KAI RYSSDAL: There were a couple of bright spots on the macroeconomic horizon today. Orders for durable goods rose almost a percent in June. And, despite high food and energy prices, one measure of consumer sentiment bounced back from all-time lows last month. Those energy prices continued their slide today. Oil slipped below $124 a barrel for the first time in almost two months. Crude was down $2.23 today.

That didn’t make a lick of difference on Capitol Hill though, where another day in Congress brought another energy stalemate. Democrats in the Senate tried again — and failed again — with their plan to cut back on speculation in the oil markets. That procedural logjam also brought down a Republican attempt to expand offshore oil production. Which means with a week to go before the summer recess and then the fall election campaign, the number of energy bills Congress has passed comes to exactly zero.

So if $4 gas and oil at a hundred and a quarter isn’t enough of a crisis to get them going, what is? From the Marketplace Sustainability Desk, Sam Eaton reports.


SAM EATON: An NBC/Wall Street Journal poll out today shows that the cost of energy is now the number one economic concern for voters. So why is Congress debating legislation most experts call nothing more than symbolic? Easy, says Phil Sharp with the energy think tank Resources for the Future.

Phil Sharp: They can say, “I did something, I was for something” even though it doesn’t even become law.

And Sharp should know.
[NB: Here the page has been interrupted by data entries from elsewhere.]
(* Let $X$ be a supertropical semiring and $n\in\mathbb{N}$. For any pure monomial $m$ in $x_1,\dots,x_n$, the minimal symmetrization $\mathrm{Minsym}_n(m)$ is, as a function $X^n\to X$, a product of elementary symmetric polynomials $e_1,\dots,e_n$ in $x_1,\dots,x_n$.
   Context: A semiring $(X,+,0,\cdot)$: $(X,+,0)$ commutative monoid, $(X,\cdot)$ semigroup, distributivity, $0$ absorbing. $\nu(x)=x+x$. A supertropical semiring is a unital commutative semiring with $2=4$ (where $n=1+\dots+1$), such that $a+b\in\{a,b\}$ whenever $\nu(a)\ne\nu(b)$, and $a+b=\nu(a)$ whenever $\nu(a)=\nu(b)$. For a pure monomial $m=x_1^{c_1}\cdots x_n^{c_n}$ (coefficient $1$), $\mathrm{Minsym}_n(m)$ is the sum, each term taken exactly once, of the distinct monomials in $\{x_{\sigma(1)}^{c_1}\cdots x_{\sigma(n)}^{c_n}:\sigma\in S_n\}$ (monomials equal up to reordering of factors are identified). $e_k(x_1,\dots,x_n)$ is the sum of all products of $k$ distinct variables; the empty product is $1$. *)

From HB Require Import structures.
From mathcomp Require Import all_boot all_order all_algebra all_fingroup.
Set Implicit Arguments. Unset Strict Implicit. Unset Printing Implicit Defensive.
Import GRing.Theory.
Local Open Scope ring_scope.

Definition nu (X : comPzSemiRingType) (x : X) : X := x + x.

Definition supertropical (X : comPzSemiRingType) : Prop :=
  [/\ (2%:R : X) = 4%:R,
      (forall a b : X, nu a <> nu b -> a + b = a \/ a + b = b) &
      (forall a b : X, nu a = nu b -> a + b = nu a)].

(* Exponent vectors of the monomials x_{s(1)}^{c_1} ... x_{s(n)}^{c_n}, s in S_n:
   variable x_j carries exponent c_{s^-1(j)}.  Duplicates removed, so each
   distinct monomial appears exactly once. *)
Definition minsym_exps (n : nat) (c : 'I_n -> nat) : seq {ffun 'I_n -> nat} :=
  undup [seq [ffun j => c ((s^-1)%g j)] | s : 'S_n].

Definition Minsym (X : comPzSemiRingType) (n : nat) (c : 'I_n -> nat)
    (x : 'I_n -> X) : X :=
  \sum_(a <- minsym_exps c) \prod_(i < n) x i ^+ a i.

Definition elsym (X : comPzSemiRingType) (n k : nat) (x : 'I_n -> X) : X :=
  \sum_(A : {set 'I_n} | #|A| == k) \prod_(i in A) x i.

From HB Require Import structures.
From mathcomp Require Import all_boot all_order all_algebra all_fingroup.
From mathcomp Require Import zify.
Set Implicit Arguments. Unset Strict Implicit. Unset Printing Implicit Defensive.
Import GRing.Theory.
Local Open Scope ring_scope.

(* If k is the number of nonzero exponents of c and c - 1 lowers every positive
   exponent by one, then e_k * Minsym(c - 1) = Minsym c; iterating on the largest
   exponent writes Minsym c as a product of e_1, ..., e_n.
   Expanding e_k * Minsym(c - 1) gives the monomials x^(1_A + a) with |A| = k and
   a a rearrangement of c - 1.  Those with supp a inside A are exactly the terms of
   Minsym c, each once.  Every other one is absorbed by Minsym c: moving one unit
   of exponent from a variable of A \ supp a to one of supp a \ A yields a monomial
   u which, together with its image v under the transposition of the two variables,
   absorbs it, because y^(p+1) + z^(p+1) + y^p z = y^(p+1) + z^(p+1) (p >= 1) in a
   supertropical semiring; by induction on |supp a \ A|, u and v are themselves
   terms of Minsym c or absorbed by it. *)

Section SemiringAbsorption.
Variable X : comPzSemiRingType.

Lemma nuE (y : X) : nu y = 2%:R * y.
Proof. by rewrite /nu mulr_natl mulr2n. Qed.

Lemma nu_exp (a b : X) k : nu a = nu b -> nu (a ^+ k.+1) = nu (b ^+ k.+1).
Proof.
rewrite !nuE => ab; elim: k => [|k IHk]; first by rewrite !expr1.
by rewrite exprS mulrCA IHk mulrA (mulrC a) ab -mulrA -exprS.
Qed.

Lemma addr_exp_absorb (a b : X) : a + b = b ->
  forall j m, b ^+ (j + m).+1 + a ^+ j.+1 * b ^+ m = b ^+ (j + m).+1.
Proof.
move=> ab; elim=> [|j IHj] m.
  by rewrite add0n expr1 exprS -mulrDl addrC ab.
rewrite addSn -addnS -{1}(IHj m.+1) -addrA (exprS b m) (exprSr a j.+1) -mulrA.
by rewrite -mulrDr -mulrDl (addrC b) ab -exprS IHj.
Qed.

Hypothesis HX : supertropical X.

Lemma nu_idem (y : X) : nu (nu y) = nu y.
Proof.
case: HX => two_eq_four _ _.
by rewrite !nuE mulrA -natrM two_eq_four.
Qed.

Lemma supertropical_absorb (a b : X) p : (0 < p)%N ->
  a ^+ p.+1 + b ^+ p.+1 + a ^+ p * b = a ^+ p.+1 + b ^+ p.+1.
Proof.
case: HX => _ add_neq add_eq; case: p => // p _.
have [nu_ab|/eqP nu_ab] := eqVneq (nu a) (nu b).
  have nu_mixed : nu (a ^+ p.+1 * b) = nu (nu (a ^+ p.+2)).
    by rewrite nu_idem !nuE mulrCA -nuE -nu_ab nuE mulrCA -exprSr.
  by rewrite (add_eq _ _ (nu_exp _ nu_ab)) (add_eq _ _ (esym nu_mixed)) nu_idem.
have [ab|ab] := add_neq _ _ nu_ab.
  by rewrite addrAC (exprSr a p.+1) -mulrDr ab.
by rewrite -addrA; have := addr_exp_absorb ab p 1; rewrite addn1 expr1 => ->.
Qed.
He spent two decades in Congress as an Indiana representative. But he says before you judge how Congress is or isn’t responding to the energy crisis, you have to ask another question: How do you define it?

SHARP: For some, the crisis is that we’ve got to get moving into a low-carbon future in order to avoid dramatic climate change. The second is, Well, it’s just a matter of I’m paying more at the gasoline pump and this comes at a very ugly and inconvenient time for a lot of people.

Sharp says if getting people off of fossil fuels and onto renewable energy sources is the priority, then high gas prices are actually a good thing. But saying that would be political suicide. So, Congress continues to treat the cost of gas the same way it treats the housing crunch — as something it can fix.

Energy expert, Daniel Yergin says that’s misleading.

Daniel Yergin: You can’t do the same kind of thing you can do on housing in energy, because you’re talking about a global system of which we’re a part and in which the lead times are quite long.

Yergin says boosting supplies might help in the long-term. But he says the fastest way to ease gas prices today is to address the demand side. And that’s already happening, just not in the halls of Congress.

Yergin says as U.S. consumers adapt to higher prices, national demand for gasoline has already dropped about 3 percent this year.

I’m Sam Eaton for Marketplace.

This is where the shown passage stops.